Peut-on se sentir coincé dans une histoire, un projet lorsque celui prend de l’ampleur comme OSS117, s’est demandé le jeune public. Oui, a-t-il répondu honnêtement. Il a raconté avoir peur de ne jamais en “sortir”. Bien qu’il soit très fier de ce succès, très attaché au personnage, il pense avoir fait le tour de ce qu’il avait à dire à travers ce personnage au cinéma.
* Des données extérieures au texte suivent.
Lemma infix_cat_notin (T : eqType) (a : T) s p w :
  a \notin p -> infix (a :: s) (p ++ w) -> infix (a :: s) w.
Proof.
elim: p => //= y p IH; rewrite inE negb_or => /andP[ay ap].
by rewrite (negbTE ay) /=; exact: IH.
Qed.

Lemma infix_cons_prefix (T : eqType) (a : T) s w :
  a \notin w -> infix (a :: s) (a :: w) -> prefix s w.
Proof.
move=> aw; rewrite infix_consl prefix_cons eqxx /= => /orP[//|].
by move/mem_infix => /(_ a (mem_head _ _)); rewrite (negbTE aw).
Qed.

Lemma prefix_nseq_eq (T : eqType) (x a a' : T) d d' r : a != x -> a' != x ->
  prefix (nseq d x ++ [:: a]) (nseq d' x ++ a' :: r) -> d = d'.
Proof.
move=> ax a'x; elim: d d' => [|d IH] [|d'] //=; rewrite ?prefix_cons.
- by rewrite (negbTE ax).
- by rewrite eq_sym (negbTE a'x).
- by rewrite eqxx /= => /IH ->.
Qed.

Lemma prefix_nseq_leq (T : eqType) (x a' : T) k d' r : a' != x ->
  prefix (nseq k x) (nseq d' x ++ a' :: r) -> k <= d'.
Proof.
move=> a'x; elim: k d' => [|k IH] [|d'] //=; rewrite ?prefix_cons.
- by rewrite eq_sym (negbTE a'x).
- by rewrite eqxx /= => /IH.
Qed.

Lemma infix_extend (T : eqType) (s w : seq T) n : size s <= n -> n <= size w -> infix s w ->
  exists r, [/\ size r = n, infix s r & infix r w].
Proof.
move=> sn nw /infixP [p [q Ew]]; subst w; rewrite !size_cat in nw.
case: (leqP (n - size s) (size q)) => hq.
  exists (s ++ take (n - size s) q); split.
  - by rewrite size_cat size_takel // subnKC.
  - exact: prefix_infix.
  - by rewrite -{2}(cat_take_drop (n - size s) q) (catA s) infix_infix.
exists (drop (size p - (n - size s - size q)) p ++ s ++ q); split.
- by rewrite !size_cat size_drop; lia.
- exact: infix_infix.
- rewrite -[in X in infix _ X](cat_take_drop (size p - (n - size s - size q)) p) -catA.
  exact: infix_catl (infix_refl _).
Qed.

Lemma ltn_foldr_maxn (z : nat) s : z \in s -> z < (foldr maxn 0 s).+1.
Proof. by elim: s => //= a s IH; rewrite inE => /orP[/eqP->|/IH]; lia. Qed.

Lemma uniq_filter_linear (T : eqType) (L : pred T) s :
  (forall z, L z -> count_mem z s = 1) -> uniq (filter L s).
Proof.
move=> Ls; apply: count_mem_uniq => z; rewrite mem_filter.
case Lz: (L z) => /=; last by apply/count_memPn; rewrite mem_filter Lz.
by rewrite count_mem_filter // Ls // -has_pred1 has_count Ls.
Qed.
Néanmoins, le label OSS117 fait que les gens savent ce qu’ils vont voir, c’est donc un vecteur formidable pour véhiculer des messages et le scénariste a avoué qu’il souhaitait explorer autre choseautour d’OSS 117.
Interrogé sur le temps nécessaire à l’écriture d’un film, le scénariste a répondu qu’il était plutôt long. Il fait attention à la précision de ses écrits : le travail de recherche, de détermination du contexte, puis l’écriture des dialogues, le décor, les interactions, … Cela lui prend entre 1 an et demi et deux ans en moyenne, mais cela peut également être beaucoup plus long. Evoquant le temps, l’auteur a également répondu à la question de sa rémunération. C’est avec beaucoup d’honnêteté qu’il a confié aux élèves qu’être scénariste n’était pas le métier qui rapportait le plus dans le secteur. Rappelant que les auteurs ne sont pas salariés, ne disposent pas de revenus réguliers, Jean-François Halin a évoqué le travail indispensable de la SACD, la société de gestion des droits des auteurs, qui permet une rémunération liée à la diffusion des oeuvres, rappelant que par exemple Au service de la France, après avoir été diffusée sur Arte a été diffusée sur Netflix, permettant une nouvelle rémunération. L’auteur a rappelé qu’un scénariste doit s’assurer de travailler sur plusieurs projets en même temps afin de se garantir une certaine sécurité financière.
Jean-François Halin a également évoqué son travail sur la série Au service de la France que de nombreux jeunes avaient vue (elle était sur Netflix durant le confinement a rappelé l’auteur ! ), la spécificité de l’écriture sérielle, et son goût pour la télévision, l’opportunité via une série d’approfondir les trajectoires des personnages, soulignant le lien entre l’univers d’Au service de la France et celui d’OSS, dans l’humour et le traitement des sujets sociétaux à travers une époque différente, tout en restant très contemporain.
Enfin, un élève a évoqué la question de l’impact de l’IA sur son métier et le secteur audiovisuel. L’auteur a évoqué une expérience très récente d’utilisation de ChatGPT sur une recherche très ponctuelle dont le résultat l’a autant fasciné qu’effrayé par son efficacité. Entre fascination et inquiétude, il a dit être plus concerné par le deepface – technique de synthèse de visages– plus que par le remplacement de son métier par les IA. Les progrès étant exponentiels et leur usage de plus en plus répandu, l’artiste est concerné par la possibilité imminente de faire des films sans acteur ou avec des acteurs décédés, rappelant les négociations des acteurs américains qui cèdent désormais également des droits pour apparaître dans des œuvres à titre posthume. Jean-François Halin croit sincèrement qu’il y aura encore besoin d’auteurs pour raconter de “vraies” histoires, inspirées d’un vécu, et porteuses d’une véritable vision de créateur.
La discussion s’est conclue sur les applaudissements des élèves, ravis de cette rencontre et sur un moment privilégié avec l’artiste pour les plus curieux, à la fin de l’échange avec un artiste accessible, généreux et qui a su donner à l’échange une note décalée, propre à son style, que tous ont appréciée.